As it was for the British by 1779, the war in Afghanistan likely is unwinnable, but the current course of action may be the best option available—at least until the next larger, and more serious, crisis emerges. A new war, a bigger war, one that requires a greater commitment of means, and perhaps even threatens the homeland, likely will be the United States’ way out Afghanistan. The wars with France and Spain beginning in 1779 gave the British reason to finally let go of their colonies.
Britain likely would have wallowed in the American colonies for many more years if the French and Spanish had not given them a reason to cut their losses and find an off-ramp. Thus it will be for the United States; finding a way out of the war in Afghanistan will not occur until a higher threat demands a reassessment of the nation’s strategic priorities. Most likely, the exit will be buried in the noise of a much larger conflict in Asia or the Middle East. Few in the West will take notice, but the irrepressible Pashtun fighters of Afghanistan will take note as their wives weave a new war rug design that commemorates another empire buried in the mountains of the Hindu Kush.

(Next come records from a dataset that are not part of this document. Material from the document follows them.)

Lemma psd_ketbra k x : 0 <= k -> psd (k *: ketbra x x).
Proof.
move=> k_ge0 z; rewrite -scalemxAl ketbra_mulmx !innerZr.
by rewrite mulr_ge0 // inner_mul_conj_ge0.
Qed.

Lemma herm_sqr_mulmx_eq0 m S (B : 'M[C]_(2, m)) :
  adjm S = S -> S *m (S *m B) = 0 -> S *m B = 0.
Proof.
move=> hS SSB; apply/matrixP => i j; pose y : 'cV[C]_2 := B *m delta_mx j 0.
have : S *m y == 0.
  by rewrite -inner_eq0 {1}inner_adjm hS /y !mulmxA -(mulmxA S S) SSB !mul0mx inner0l.
by rewrite /y mulmxA -colE => /eqP/colP/(_ i); rewrite !mxE.
Qed.

Lemma psd_eigvec_sqrt S y a : psd S -> 0 <= a -> S *m (S *m y) = a *: y ->
  S *m y = sqrtC a *: y.
Proof.
move=> hS a_ge0 SSy; have [a0|a_neq0] := eqVneq a 0.
  rewrite a0 sqrtC0 scale0r; apply: herm_sqr_mulmx_eq0; first exact: psd_adjm.
  by rewrite SSy a0 scale0r.
set s := sqrtC a; have s_gt0 : 0 < s by rewrite sqrtC_gt0 lt_def a_neq0.
set w := S *m y - s *: y.
have Sw : S *m w = - s *: w.
  rewrite /w mulmxBr -scalemxAr SSy -[a]sqrtCK -/s expr2 -scalerA.
  by rewrite scaleNr scalerBr opprB.
have : inner w (S *m w) == 0.
  rewrite eq_le hS andbT Sw innerZr mulNr oppr_le0 mulr_ge0 ?inner_ge0 ?ltW //.
rewrite Sw innerZr mulNr oppr_eq0 mulf_eq0.
by rewrite gt_eqF //= inner_eq0 subr_eq0 => /eqP.
Qed.

Definition cv2 (p q : C) : 'cV[C]_2 := \col_i (if i == 0 then p else q).

Lemma quad_cv2 A p q : inner (cv2 p q) (A *m cv2 p q) =
  p^* * (A 0 0 * p + A 0 1 * q) + q^* * (A 1 0 * p + A 1 1 * q).
Proof. by rewrite inner_sum sum_ord2 !mxE !sum_ord2 !mxE. Qed.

1. President Donald Trump’s speech on his strategy for Afghanistan, 21 August 2017.
2. Gary Berntsen and Ralph Pezzullo, Jawbreaker (New York: Three Rivers Press, 2005), 290.
3. Ibid., 291.
4. LCDR Carlos Oroza, USN, “The President’s Decision for Afghanistan Matters,” Proceedings 143, no. 10 (October 2017), 19.
5. Ink blot, or ink spot, counterinsurgency is based on the idea that counterinsurgency and reconstruction efforts begun in a small number of safe areas will spread outward and eventually merge.
6. Alex Horton, “Some Afghan Troops Training in the U.S. Feared Violence and Corruption at Home. So They Went AWOL,” The Washington Post, 20 October 2017.
7. Andrew Jackson O’Shaughnessy, The Men Who Lost America (New Haven, CT: Yale University Press, 2013), 165.
8. Ibid., 165.
Commander Dolan teaches strategy and war with the Naval War College’s Distance Education program and history as an adjunct professor at the University of Maine. He is a former EP-3E/special mission P-3 naval flight officer and a contributor to USNI News, Proceedings, and Proceedings Today.